Harsh suspension trailers are very hard on the Wing's fatigue sensitive aluminum alloy rear frame loops. What has been said in the threads above is correct about the hitch needing to be tied into the frame directly.

There are things you can tell about a trailer's suspension by simply pushing down on it. If it is like pushing on a brick, that should be self evident.

If it moves only an inch or so with quite a bit of force, then it is not very compliant, and will respond adversely to large bumps.

If the wheel moves forward when you push down on the trailer, it will be harsh in its response to bumps, because it is attacking the bump rather than retreating from it. Ideally it will move back when you push down.

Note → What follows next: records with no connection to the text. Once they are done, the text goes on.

(* Let $R>0$ and $\Theta=(\alpha,\rho_r,\rho_d,\rho_s,\rho_0,T)$ with $\alpha>1$, $\rho_r,\rho_d,\rho_s,\rho_0>0$, $T>1$. There exists a unique $x'(R,\Theta)\ge0$ such that $$g(x'(R,\Theta))=\Big(1+\frac{\rho_d}{\rho_r}\Big)\sqrt{\frac{R\rho_r}{\alpha}}.$$ Moreover, if $K_{max}(\Theta):=\min\big(\frac T4,\frac{\rho_r}{3\rho_0},\frac{3\rho_d}{2\rho_0}\big)>10$, then the maximizer of $\zeta_{csi}(M,K,R,\Theta)$ over real $(M,K)$ with $1\le K\le K_{max}(\Theta)$ and $M>K$ is $$K'_{csi}(R,\Theta)=\max\Big(\min\Big(\frac{R}{x'(R,\Theta)},K_{max}(\Theta)\Big),1\Big),\qquad M'_{csi}(R,\Theta)=K'_{csi}+\sqrt{K'_{csi}}\sqrt{\frac{\alpha\,(2^{R/K'_{csi}}-1)}{\rho_r}}.$$
   Context: $g(x)=\sqrt{\frac{x}{2^x-1}}\big(2^x x\ln2-2^x+1\big)$ for $x>0$, with $g(0)=0$ (its limit). For real $M>K\ge1$, $$\frac{1}{\zeta_{csi}(M,K,R,\Theta)}=\frac1R\Big[\frac{\alpha K}{M-K}\big(2^{R/K}-1\big)+M\rho_r+K\rho_d+\rho_s\Big].$$ *)

From Stdlib Require Import Reals Lra.
Open Scope R_scope.

Definition pow2 (x : R) : R := Rpower 2 x.

(* g(x) = sqrt(x/(2^x-1)) (2^x x ln2 - 2^x + 1) for x > 0, g(0) = 0 (its limit).
   Only used on x >= 0; the value at x = 0 is the stated convention. *)
Definition g (x : R) : R :=
  if Req_EM_T x 0 then 0
  else sqrt (x / (pow2 x - 1)) * (pow2 x * x * ln 2 - pow2 x + 1).

Definition inv_zeta_csi (alpha rho_r rho_d rho_s : R) (M K Rr : R) : R :=
  / Rr * (alpha * K / (M - K) * (pow2 (Rr / K) - 1) + M * rho_r + K * rho_d + rho_s).

Definition zeta_csi (alpha rho_r rho_d rho_s : R) (M K Rr : R) : R :=
  / inv_zeta_csi alpha rho_r rho_d rho_s M K Rr.

Definition K_max (rho_r rho_d rho_0 T : R) : R :=
  Rmin (T / 4) (Rmin (rho_r / (3 * rho_0)) (3 * rho_d / (2 * rho_0))).

Definition K'_csi (x' Rr Kmax : R) : R := Rmax (Rmin (Rr / x') Kmax) 1.

Definition M'_csi (alpha rho_r K' Rr : R) : R :=
  K' + sqrt K' * sqrt (alpha * (pow2 (Rr / K') - 1) / rho_r).

From Stdlib Require Import Reals Lra.
From Coquelicot Require Import Hierarchy Derive ElemFct AutoDerive.
Open Scope R_scope.

(* Put [P K := K (2^(R/K) - 1)].  Completing the square in [M - K] gives
   [R / zeta_csi M K = c K + rho_s + (sqrt (alpha P K) - sqrt rho_r (M - K))^2 / (M - K)]
   with [c K = 2 sqrt (alpha rho_r P K) + (rho_r + rho_d) K], so for fixed [K] the best [M] is
   [M'_csi K].  Since [d/dK sqrt (P K) = - g (R/K) / (2 sqrt R)], the derivative of [c] is a
   positive multiple of [g x' - g (R/K)], where [g x'] is the threshold of the statement.
   The function [g] increases from 0 to infinity on (0, oo) (its square has a derivative of
   explicit sign), so [x'] exists and is unique, and [c] decreases up to [R/x'] and increases
   after it: its minimum on [[1, K_max]] is the projection of [R/x'] onto that interval. *)

Lemma ln2_pos : 0 < ln 2.
Proof. rewrite <- ln_1; apply ln_increasing; lra. Qed.

Lemma pow2_exp x : pow2 x = exp (x * ln 2).
Proof. reflexivity. Qed.

Lemma pow2_gt_1 x : 0 < x -> 1 < pow2 x.
Proof.
  intros Hx; rewrite <- (Rpower_O 2) by lra; apply Rpower_lt; lra.
Qed.

Lemma one_add_le_pow2 x : 1 + x * ln 2 <= pow2 x.
Proof. apply exp_ineq1_le. Qed.

Lemma derive_neg_decreasing (f df : R -> R) a b : a < b ->
  (forall c, a <= c <= b -> is_derive f c (df c)) ->
  (forall c, a < c < b -> df c < 0) -> f b < f a.
Proof.
  intros Hab Hf Hdf.
  destruct (MVT_cor2 f df a b Hab) as [c [Hc Hac]].
  - intros c Hc; now apply is_derive_Reals, Hf.
  - pose proof (Hdf c Hac); nra.
Qed.

Lemma derive_pos_increasing (f df : R -> R) a b : a < b ->
  (forall c, a <= c <= b -> is_derive f c (df c)) ->
  (forall c, a < c < b -> 0 < df c) -> f a < f b.
Proof.
  intros Hab Hf Hdf.
  destruct (MVT_cor2 f df a b Hab) as [c [Hc Hac]].
  - intros c Hc; now apply is_derive_Reals, Hf.
  - pose proof (Hdf c Hac); nra.
Qed.

Definition g_factor (x : R) : R := pow2 x * x * ln 2 - pow2 x + 1.

Lemma g_factor_bounds x : 0 < x ->
  0 < g_factor x < x * ln 2 * (pow2 x - 1) /\ g_factor x < x * ln 2 * pow2 x.
Proof.
  intros Hx; unfold g_factor.
  pose proof ln2_pos; pose proof (pow2_gt_1 x Hx).
  assert (Hu : 0 < x * ln 2) by nra.
  assert (HE : 1 + x * ln 2 < pow2 x) by (apply exp_ineq1; lra).
  (* positivity is [pow2 (- x) = exp (- x ln 2) > 1 - x ln 2] *)
  assert (Hinv : pow2 x * pow2 (- x) = 1).
  { rewrite !pow2_exp, <- exp_plus, <- exp_0; f_equal; ring. }
  assert (1 - x * ln 2 < pow2 (- x)).
  { rewrite pow2_exp; replace (- x * ln 2) with (- (x * ln 2)) by ring.
    apply exp_ineq1; lra. }
  repeat split; nra.
Qed.

Definition gsq (x : R) : R := x / (pow2 x - 1) * g_factor x ^ 2.

Lemma g_sqrt_gsq x : 0 < x -> g x = sqrt (gsq x).
Proof.
  intros Hx; pose proof (pow2_gt_1 x Hx); pose proof (g_factor_bounds x Hx).
  unfold g, gsq; destruct (Req_EM_T x 0) as [->|_]; [lra|].
  rewrite sqrt_mult_alt, sqrt_pow2 by (try apply Rlt_le, Rdiv_lt_0_compat; lra).
  reflexivity.
Qed.
Lemma zpowgB1 x (j : int) : zpowg x (j - 1)%R = zpowg x j * x^-1.
Proof. by rewrite -[in RHS](subrK 1%R j) zpowgD1 mulgK. Qed.

Lemma zpowgD x (j k : int) : zpowg x (j + k)%R = zpowg x j * zpowg x k.
Proof.
case: k => n; elim: n => [|n IH].
- by rewrite addr0 mulg1.
- have -> : Posz n.+1 = (Posz n + 1)%R by lia.
  by rewrite addrA !zpowgD1 IH mulgA.
- have -> : Negz 0 = (0 - 1)%R by lia.
  by rewrite addrA addr0 !zpowgB1 mul1g.
- have -> : Negz n.+1 = (Negz n - 1)%R by lia.
  by rewrite addrA !zpowgB1 IH mulgA.
Qed.

Lemma zpowgN x (j : int) : zpowg x (- j)%R = (zpowg x j)^-1.
Proof. by apply: (mulIg (zpowg x j)); rewrite -zpowgD addNr mulVg. Qed.

Definition pow_gap a b n := a ^+ n * b ^+ n * ((a * b) ^+ n)^-1.

Definition gap_comm a b n :=
  pcomm (a ^+ n.+2 * b * (a ^+ n)^-1) (a ^+ n * b ^+ n * a^-1 * (a ^+ n)^-1).

Lemma pow_gapSS a b n : pow_gap a b n.+2 = gap_comm a b n * pow_gap a b n.
Proof.
rewrite /pow_gap /gap_comm /pcomm.
set X := a ^+ n; set Y := b ^+ n; set Z := (a * b) ^+ n.
have -> : a ^+ n.+2 = a * a * X by rewrite !expgS mulgA.
have -> : b ^+ n.+2 = b * Y * b by rewrite expgS expgSr mulgA.
have -> : (a * b) ^+ n.+2 = Z * (a * b) * (a * b) by rewrite !expgSr.
rewrite !invgM !invgK !mulgA !mulgK !mulgVK.
have aX : commute a X by apply: commuteX.
have aVX : commute a^-1 X by apply/commute_sym/commuteV/commute_sym.
rewrite -!mulgA; do 5 congr (_ * _).
by rewrite !mulgA; congr (_ * _); rewrite -!mulgA -aX mulKg aVX mulKg.
Qed.

End Groups.

Section RealBounds.
Local Open Scope ring_scope.
Variable R : realType.
Implicit Types x y z u v w c : R.

Lemma ler_normD3 x y z : `|x + y + z| <= `|x| + `|y| + `|z|.
Proof. by apply: le_trans (ler_normD _ _) _; rewrite lerD2r ler_normD. Qed.

Lemma ler_normD4 u v w z : `|u + v + w + z| <= `|u| + `|v| + `|w| + `|z|.
Proof. by apply: le_trans (ler_normD _ _) _; rewrite lerD2r ler_normD3. Qed.

Lemma ler_norm_defect x y z : `|x| <= `|x - y - z| + `|y| + `|z|.
Proof.
by have := ler_normD3 (x - y - z) y z; have -> : x - y - z + y + z = x by ring.
Qed.

Lemma le_of_le_add_divn x y c :
  (forall m : nat, (0 < m)%N -> x <= y + c / m%:R) -> x <= y.
Proof.
move=> H; rewrite leNgt; apply/negP => lt_yx.
have xy_gt0 : 0 < x - y by rewrite subr_gt0.
have [c_le0|c_gt0] := lerP c 0.
  by move: (H 1%N isT); rewrite divr1; lra.
pose m := (Num.truncn (c / (x - y))).+1.
have lt_m : c / (x - y) < m%:R by apply: truncnS_gt.
have m_gt0 : 0 < m%:R :> R by rewrite ltr0n.
have : c / m%:R < x - y by rewrite ltr_pdivrMr // mulrC -ltr_pdivrMr.
by move: (H m isT); lra.
Qed.

Lemma eq_of_dist_le_divn u v c :
  (forall m : nat, (0 < m)%N -> `|u - v| <= c / m%:R) -> u = v.
Proof.
move=> H; apply/eqP; rewrite -subr_eq0 -normr_le0.
by apply: (le_of_le_add_divn (c := c)) => m m0; rewrite add0r; apply: H.
Qed.

End RealBounds.

Section Quasimorphisms.
Variables (G : groupType) (R : realType).
Local Open Scope ring_scope.
Implicit Types (P : G -> Prop) (f : G -> R) (x y a b : G) (K S : R).

Definition qm_on P f K :=
  forall x y, P x -> P y -> `|f (x * y)%g - f x - f y| <= K.

Lemma qm_on_ge0 P f K : is_subgroup P -> qm_on P f K -> 0 <= K.
Proof. by move=> hP hK; apply: le_trans (hK _ _ (subgroup1 hP) (subgroup1 hP)). Qed.

Lemma qm_on_le P f K K' : K <= K' -> qm_on P f K -> qm_on P f K'.
Proof. by move=> le_K hK x y hx hy; apply: le_trans (hK _ _ hx hy) le_K. Qed.

Lemma qm_on_normM P f K x y : qm_on P f K -> P x -> P y ->
  `|f (x * y)%g| <= `|f x| + `|f y| + K.
Proof.
by move=> hK hx hy; have := hK _ _ hx hy; have := ler_norm_defect (f (x * y)%g) (f x) (f y); lra.
Qed.

Lemma qm_on_expg P f K x k : is_subgroup P -> qm_on P f K -> P x ->
  `|f (x ^+ k.+1)%g - k.+1%:R * f x| <= k%:R * K.
Proof.
move=> hP hK hx; elim: k => [|k IH]; first by rewrite expg1 mul1r subrr normr0 mul0r.
have := hK _ _ (subgroupX k.+1 hP hx) hx; rewrite -expgSr => hstep.
have := ler_normD (f (x ^+ k.+2)%g - f (x ^+ k.+1)%g - f x) (f (x ^+ k.+1)%g - k.+1%:R * f x).
have -> : f (x ^+ k.+2)%g - f (x ^+ k.+1)%g - f x + (f (x ^+ k.+1)%g - k.+1%:R * f x)
    = f (x ^+ k.+2)%g - k.+2%:R * f x by rewrite -[k.+2]addn1 natrD; ring.
have -> : k.+1%:R * K = k%:R * K + K by rewrite -addn1 natrD mulrDl mul1r.
lra.
Qed.

Lemma defect_le P f K : qm_on P f K -> (defect P f <= K%:E)%E.
Proof. by move=> hK; apply: ge_ereal_sup => _ [x hx [y hy <-]]; rewrite lee_fin; apply: hK. Qed.

Lemma defect_ge0 P f : is_subgroup P -> (0 <= defect P f)%E.
Proof.
move=> hP; apply: le_trans (ereal_sup_ubound _); last first.
  by exists 1%g; [exact: subgroup1 | exists 1%g; [exact: subgroup1 | reflexivity]].
by rewrite lee_fin.
Qed.

Lemma qm_on_defect P f S : defect P f = S%:E -> qm_on P f S.
Proof.
move=> hS x y hx hy; rewrite -lee_fin -hS; apply: ereal_sup_ubound.
by exists x => //; exists y.
Qed.

Lemma defect_finite P f K : is_subgroup P -> qm_on P f K -> exists S, defect P f = S%:E.
Proof.
move=> hP hK; have := defect_le hK; have := defect_ge0 f hP.
by case: (defect P f) => [S| |] //= _ _; exists S.
Qed.

End Quasimorphisms.

Section Bavard.
Variables (G : groupType) (R : realType) (P : G -> Prop) (f : G -> R) (C : R).
Local Open Scope ring_scope.
Hypotheses (hP : is_subgroup P)
  (f_expg : forall x n, P x -> f (x ^+ n)%g = n%:R * f x)
  (f_inv : forall x, P x -> f (x^-1)%g = - f x).

Lemma homogeneous1 : f 1%g = 0.
Proof. by rewrite -(expg0 1%g) f_expg ?mul0r //; apply: subgroup1. Qed.

Lemma pow_gap_double K a b m : qm_on P f K ->
  (forall n, P (gap_comm a b n) /\ `|f (gap_comm a b n)| <= C) ->
  P (pow_gap a b m.*2) /\ `|f (pow_gap a b m.*2)| <= m%:R * (C + K).
Proof.
move=> hK gap_le; elim: m => [|m [w_in w_le]].
  rewrite /pow_gap /= !expg0 invg1 !mulg1 homogeneous1 normr0 mul0r.
  by split=> //; apply: subgroup1.
have [c_in c_le] := gap_le m.*2.
rewrite doubleS pow_gapSS; split; first exact: subgroupM.
apply: (le_trans (qm_on_normM hK c_in w_in)).
by rewrite -natr1 mulrDl mul1r; lra.
Qed.

Hypothesis f_gap : forall a b n, P a -> P b ->
  P (gap_comm a b n) /\ `|f (gap_comm a b n)| <= C.

(* n (f (ab) - f a - f b) is - f (pow_gap a b n) up to two defects, and pow_gap a b (2m) is a
   product of m commutators gap_comm. *)
Lemma qm_on_avg K : qm_on P f K -> qm_on P f ((C + K) / 2).
Proof.
move=> hK a b ha hb; apply: (le_of_le_add_divn (c := K)) => m m_gt0.
set n := m.*2.
have [w_in w_le] := pow_gap_double m hK (fun k => f_gap k ha hb).
have an_in := subgroupX n hP ha; have bn_in := subgroupX n hP hb.
have ab_in := subgroupM hP ha hb; have abn_in := subgroupX n hP ab_in.
have e1 := hK _ _ (subgroupM hP an_in bn_in) (subgroupV hP abn_in).
have e2 := hK _ _ an_in bn_in.
rewrite -/(pow_gap a b n) f_inv // !f_expg // in e1 e2.
have nE : n%:R = 2 * m%:R :> R by rewrite /n -muln2 natrM mulrC.
rewrite nE in e1 e2.
set w := f (pow_gap a b n) in w_le e1; set v := f _ in e1 e2.
have m_pos : 0 < m%:R :> R by rewrite ltr0n.
have K0 := qm_on_ge0 hP hK.
have key : `|2 * m%:R * (f (a * b)%g - f a - f b)| <= m%:R * (C + K) + 2 * K.
  have := ler_normD3 (- w) (w - v - - (2 * m%:R * f (a * b)%g))
    (v - 2 * m%:R * f a - 2 * m%:R * f b).
  have -> : - w + (w - v - - (2 * m%:R * f (a * b)%g)) +
    (v - 2 * m%:R * f a - 2 * m%:R * f b) = 2 * m%:R * (f (a * b)%g - f a - f b) by ring.
  rewrite normrN; lra.
rewrite normrM ger0_norm ?mulr_ge0 // in key.
rewrite -(ler_pM2l (_ : 0 < 2 * m%:R)) ?mulr_gt0 //.
have -> : 2 * m%:R * ((C + K) / 2 + K / m%:R) = m%:R * (C + K) + 2 * K.
  by field; rewrite gt_eqF.
exact: key.
Qed.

If you can have a prospective trailer empty and attached to a bike that will not fall off the stand, first pull up on the trailer to see that even empty it is not at the top of its suspension. It should come up amost an inch from its empty static position so that it can go over ripple in the road empty without the wheel coming off the pavement and loosing traction. Next, step into the trailer and notice how far the suspension compresses. If it moves down a couple of inces and will go down father when you bounce in it, it is fairly compliant. If you can't get in the trailer, how hard is it going to be to load?

Your Wing has over 4 inches of travel in the rear suspension, and so should your trailer. Ideally, your trailer will have variable rate springs so that you do not have to adjust it when changing from empty to fully loaded.

The suspension technology, or lack of it, will not only impact the ride of the contents of the trailer, but more importantly, the stresses on your bike's rear frame.

There are many other features of a trailer to consider, including loading ease, durability, and the biggest one for long distance traveling, aerodynamic drag. Drag is not much of a factor for short slow trips. But, if you plan to do several hundred miles a day at Interstate Highway speeds, then elimination of drag is most important.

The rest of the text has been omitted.